- _MATERIAL PROVIDED_
────────────────

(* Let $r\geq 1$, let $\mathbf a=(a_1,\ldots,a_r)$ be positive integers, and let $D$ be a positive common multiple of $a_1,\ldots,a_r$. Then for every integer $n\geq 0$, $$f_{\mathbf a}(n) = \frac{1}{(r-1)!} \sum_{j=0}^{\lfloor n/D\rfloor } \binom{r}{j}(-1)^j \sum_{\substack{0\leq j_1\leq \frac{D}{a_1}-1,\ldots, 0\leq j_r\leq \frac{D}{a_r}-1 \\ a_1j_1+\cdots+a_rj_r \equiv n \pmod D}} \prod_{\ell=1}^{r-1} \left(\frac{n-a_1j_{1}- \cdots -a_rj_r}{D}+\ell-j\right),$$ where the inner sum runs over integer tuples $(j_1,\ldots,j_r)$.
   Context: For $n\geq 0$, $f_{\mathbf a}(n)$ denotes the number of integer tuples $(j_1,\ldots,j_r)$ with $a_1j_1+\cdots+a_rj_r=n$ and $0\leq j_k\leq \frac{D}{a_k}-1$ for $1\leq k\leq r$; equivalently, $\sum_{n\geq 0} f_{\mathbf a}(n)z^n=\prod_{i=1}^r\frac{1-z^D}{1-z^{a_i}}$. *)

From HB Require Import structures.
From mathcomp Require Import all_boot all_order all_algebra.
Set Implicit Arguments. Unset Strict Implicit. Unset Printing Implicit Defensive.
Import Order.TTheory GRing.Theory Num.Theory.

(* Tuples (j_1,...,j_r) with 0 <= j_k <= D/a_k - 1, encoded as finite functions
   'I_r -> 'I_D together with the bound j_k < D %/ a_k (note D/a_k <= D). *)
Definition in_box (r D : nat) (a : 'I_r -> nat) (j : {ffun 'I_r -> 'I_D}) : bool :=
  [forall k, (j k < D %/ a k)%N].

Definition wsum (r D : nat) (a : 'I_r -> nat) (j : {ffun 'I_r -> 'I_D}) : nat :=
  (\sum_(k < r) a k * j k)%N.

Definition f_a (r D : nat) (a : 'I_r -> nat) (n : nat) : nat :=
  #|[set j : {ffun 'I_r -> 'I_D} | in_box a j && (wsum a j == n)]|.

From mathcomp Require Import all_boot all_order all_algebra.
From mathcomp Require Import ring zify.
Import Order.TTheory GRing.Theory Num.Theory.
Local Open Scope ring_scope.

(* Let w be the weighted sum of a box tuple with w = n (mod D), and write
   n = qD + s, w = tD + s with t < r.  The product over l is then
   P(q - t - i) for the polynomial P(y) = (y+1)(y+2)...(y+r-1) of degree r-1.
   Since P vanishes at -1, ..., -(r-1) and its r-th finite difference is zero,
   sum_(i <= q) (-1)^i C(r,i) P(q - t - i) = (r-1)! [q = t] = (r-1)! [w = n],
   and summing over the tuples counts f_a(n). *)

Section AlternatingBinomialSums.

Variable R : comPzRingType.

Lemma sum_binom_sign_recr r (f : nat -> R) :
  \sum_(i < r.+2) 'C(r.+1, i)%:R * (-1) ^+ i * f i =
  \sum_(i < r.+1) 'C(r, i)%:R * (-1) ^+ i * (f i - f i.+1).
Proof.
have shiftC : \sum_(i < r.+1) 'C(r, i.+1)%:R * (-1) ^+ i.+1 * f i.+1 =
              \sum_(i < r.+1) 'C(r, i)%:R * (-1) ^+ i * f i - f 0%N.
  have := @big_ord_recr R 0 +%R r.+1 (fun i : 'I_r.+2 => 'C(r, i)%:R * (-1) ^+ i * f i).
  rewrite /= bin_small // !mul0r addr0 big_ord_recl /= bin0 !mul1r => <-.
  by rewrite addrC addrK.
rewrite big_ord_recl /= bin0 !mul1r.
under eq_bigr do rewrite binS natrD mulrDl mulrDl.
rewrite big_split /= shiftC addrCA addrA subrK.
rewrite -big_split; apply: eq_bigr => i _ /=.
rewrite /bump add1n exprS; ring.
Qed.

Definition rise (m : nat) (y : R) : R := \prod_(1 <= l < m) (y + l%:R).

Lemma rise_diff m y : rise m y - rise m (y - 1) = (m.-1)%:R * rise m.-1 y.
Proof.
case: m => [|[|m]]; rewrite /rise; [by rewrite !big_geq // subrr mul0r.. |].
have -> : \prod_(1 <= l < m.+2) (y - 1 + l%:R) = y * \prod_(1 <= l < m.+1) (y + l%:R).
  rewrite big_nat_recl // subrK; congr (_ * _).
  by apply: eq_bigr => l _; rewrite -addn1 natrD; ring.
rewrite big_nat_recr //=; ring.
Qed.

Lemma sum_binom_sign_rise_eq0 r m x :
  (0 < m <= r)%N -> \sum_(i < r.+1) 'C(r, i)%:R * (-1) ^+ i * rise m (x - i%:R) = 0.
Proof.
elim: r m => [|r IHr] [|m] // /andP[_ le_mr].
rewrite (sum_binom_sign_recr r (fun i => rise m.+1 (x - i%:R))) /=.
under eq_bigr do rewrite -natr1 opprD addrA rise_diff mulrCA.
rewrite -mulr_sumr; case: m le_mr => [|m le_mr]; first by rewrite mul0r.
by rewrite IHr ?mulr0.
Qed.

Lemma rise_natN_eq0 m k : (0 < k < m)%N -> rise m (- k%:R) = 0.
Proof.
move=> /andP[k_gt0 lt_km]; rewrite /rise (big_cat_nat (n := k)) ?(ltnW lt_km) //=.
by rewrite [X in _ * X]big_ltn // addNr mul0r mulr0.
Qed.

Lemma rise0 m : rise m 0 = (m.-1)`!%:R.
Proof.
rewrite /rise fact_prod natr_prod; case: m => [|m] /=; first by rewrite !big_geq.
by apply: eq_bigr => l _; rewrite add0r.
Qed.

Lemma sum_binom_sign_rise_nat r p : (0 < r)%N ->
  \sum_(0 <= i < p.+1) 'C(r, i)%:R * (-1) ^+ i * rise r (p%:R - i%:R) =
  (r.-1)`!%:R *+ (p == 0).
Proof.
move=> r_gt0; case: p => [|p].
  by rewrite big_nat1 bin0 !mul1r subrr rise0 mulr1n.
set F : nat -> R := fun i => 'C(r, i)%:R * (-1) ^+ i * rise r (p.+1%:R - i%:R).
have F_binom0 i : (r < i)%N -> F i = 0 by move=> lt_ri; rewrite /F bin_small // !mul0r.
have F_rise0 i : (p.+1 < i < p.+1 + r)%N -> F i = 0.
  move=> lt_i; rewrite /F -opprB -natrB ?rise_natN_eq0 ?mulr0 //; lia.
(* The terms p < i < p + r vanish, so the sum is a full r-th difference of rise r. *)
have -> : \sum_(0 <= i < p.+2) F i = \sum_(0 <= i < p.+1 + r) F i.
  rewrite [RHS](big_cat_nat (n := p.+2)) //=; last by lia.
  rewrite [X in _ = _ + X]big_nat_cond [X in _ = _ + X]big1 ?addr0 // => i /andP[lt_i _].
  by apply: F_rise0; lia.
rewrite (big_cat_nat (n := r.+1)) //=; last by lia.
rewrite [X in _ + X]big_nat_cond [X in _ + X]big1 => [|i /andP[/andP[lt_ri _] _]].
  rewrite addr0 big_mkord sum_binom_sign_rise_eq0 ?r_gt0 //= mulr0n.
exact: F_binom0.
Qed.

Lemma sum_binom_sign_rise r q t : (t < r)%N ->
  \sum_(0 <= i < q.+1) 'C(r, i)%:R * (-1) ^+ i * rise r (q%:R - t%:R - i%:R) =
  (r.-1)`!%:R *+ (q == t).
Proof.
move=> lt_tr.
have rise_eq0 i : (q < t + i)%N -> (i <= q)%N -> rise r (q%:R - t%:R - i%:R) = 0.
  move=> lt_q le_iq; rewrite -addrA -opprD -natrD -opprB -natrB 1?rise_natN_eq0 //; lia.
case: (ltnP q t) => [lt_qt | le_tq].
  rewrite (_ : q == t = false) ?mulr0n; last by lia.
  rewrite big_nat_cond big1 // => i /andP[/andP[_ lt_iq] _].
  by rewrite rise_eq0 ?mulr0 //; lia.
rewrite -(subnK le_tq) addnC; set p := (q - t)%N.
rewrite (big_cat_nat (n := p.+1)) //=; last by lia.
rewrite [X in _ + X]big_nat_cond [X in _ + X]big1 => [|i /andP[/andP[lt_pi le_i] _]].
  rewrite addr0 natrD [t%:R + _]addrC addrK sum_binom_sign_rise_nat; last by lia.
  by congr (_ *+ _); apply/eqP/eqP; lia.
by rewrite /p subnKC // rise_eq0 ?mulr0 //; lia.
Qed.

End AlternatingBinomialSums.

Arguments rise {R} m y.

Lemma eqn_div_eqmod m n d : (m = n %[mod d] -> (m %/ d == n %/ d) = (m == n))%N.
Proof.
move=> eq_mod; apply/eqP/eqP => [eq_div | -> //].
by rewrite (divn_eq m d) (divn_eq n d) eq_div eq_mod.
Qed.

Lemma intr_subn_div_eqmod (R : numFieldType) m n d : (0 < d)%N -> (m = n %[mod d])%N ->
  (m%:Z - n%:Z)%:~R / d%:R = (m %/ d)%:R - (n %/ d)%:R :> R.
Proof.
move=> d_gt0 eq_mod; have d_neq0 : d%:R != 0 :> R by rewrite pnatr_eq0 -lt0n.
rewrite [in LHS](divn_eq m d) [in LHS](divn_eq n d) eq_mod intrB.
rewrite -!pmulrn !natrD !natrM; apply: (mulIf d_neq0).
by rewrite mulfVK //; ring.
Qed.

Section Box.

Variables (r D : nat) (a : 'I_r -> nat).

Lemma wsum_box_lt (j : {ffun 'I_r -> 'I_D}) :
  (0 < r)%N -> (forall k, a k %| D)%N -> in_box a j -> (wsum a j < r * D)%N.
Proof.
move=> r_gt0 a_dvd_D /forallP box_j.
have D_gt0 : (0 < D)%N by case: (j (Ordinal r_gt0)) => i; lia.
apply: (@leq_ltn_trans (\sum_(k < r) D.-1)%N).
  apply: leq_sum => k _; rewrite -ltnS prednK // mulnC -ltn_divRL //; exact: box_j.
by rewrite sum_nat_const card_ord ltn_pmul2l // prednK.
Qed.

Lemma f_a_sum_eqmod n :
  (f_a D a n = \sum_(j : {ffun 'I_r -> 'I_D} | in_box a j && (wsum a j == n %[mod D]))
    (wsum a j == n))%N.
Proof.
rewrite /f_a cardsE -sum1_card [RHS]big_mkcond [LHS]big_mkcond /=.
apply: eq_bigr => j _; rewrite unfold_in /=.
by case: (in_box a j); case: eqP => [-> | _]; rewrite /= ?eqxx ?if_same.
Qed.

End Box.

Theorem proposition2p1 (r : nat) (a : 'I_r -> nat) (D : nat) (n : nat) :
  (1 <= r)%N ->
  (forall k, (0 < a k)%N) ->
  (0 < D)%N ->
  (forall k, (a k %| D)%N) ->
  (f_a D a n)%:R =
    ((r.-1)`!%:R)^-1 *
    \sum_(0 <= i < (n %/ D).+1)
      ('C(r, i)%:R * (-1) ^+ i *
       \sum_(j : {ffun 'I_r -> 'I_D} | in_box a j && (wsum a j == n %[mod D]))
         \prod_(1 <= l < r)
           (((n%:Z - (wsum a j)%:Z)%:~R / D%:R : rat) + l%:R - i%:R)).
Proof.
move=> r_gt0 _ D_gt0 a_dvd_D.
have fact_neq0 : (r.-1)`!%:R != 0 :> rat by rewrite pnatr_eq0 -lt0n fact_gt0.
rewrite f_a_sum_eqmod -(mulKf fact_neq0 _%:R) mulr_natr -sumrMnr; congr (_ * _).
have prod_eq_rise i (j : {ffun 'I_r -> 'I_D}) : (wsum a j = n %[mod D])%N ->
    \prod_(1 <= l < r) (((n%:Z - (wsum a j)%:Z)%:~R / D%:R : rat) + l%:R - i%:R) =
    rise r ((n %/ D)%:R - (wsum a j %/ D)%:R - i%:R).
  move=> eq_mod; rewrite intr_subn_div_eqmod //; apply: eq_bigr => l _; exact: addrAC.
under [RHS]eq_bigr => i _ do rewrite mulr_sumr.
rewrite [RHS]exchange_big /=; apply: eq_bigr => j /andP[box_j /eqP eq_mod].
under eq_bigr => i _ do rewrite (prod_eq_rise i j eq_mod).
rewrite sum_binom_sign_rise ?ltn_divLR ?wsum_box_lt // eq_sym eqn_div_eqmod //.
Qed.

────────────────

- _WHAT THIS TASK INVOLVES_
In the records above, locate the lines holding the word "frac". Copy each of them.

- _TASK OUTPUT_
(* Let $r\geq 1$, let $\mathbf a=(a_1,\ldots,a_r)$ be positive integers, and let $D$ be a positive common multiple of $a_1,\ldots,a_r$. Then for every integer $n\geq 0$, $$f_{\mathbf a}(n) = \frac{1}{(r-1)!} \sum_{j=0}^{\lfloor n/D\rfloor } \binom{r}{j}(-1)^j \sum_{\substack{0\leq j_1\leq \frac{D}{a_1}-1,\ldots, 0\leq j_r\leq \frac{D}{a_r}-1 \\ a_1j_1+\cdots+a_rj_r \equiv n \pmod D}} \prod_{\ell=1}^{r-1} \left(\frac{n-a_1j_{1}- \cdots -a_rj_r}{D}+\ell-j\right),$$ where the inner sum runs over integer tuples $(j_1,\ldots,j_r)$.
   Context: For $n\geq 0$, $f_{\mathbf a}(n)$ denotes the number of integer tuples $(j_1,\ldots,j_r)$ with $a_1j_1+\cdots+a_rj_r=n$ and $0\leq j_k\leq \frac{D}{a_k}-1$ for $1\leq k\leq r$; equivalently, $\sum_{n\geq 0} f_{\mathbf a}(n)z^n=\prod_{i=1}^r\frac{1-z^D}{1-z^{a_i}}$. *)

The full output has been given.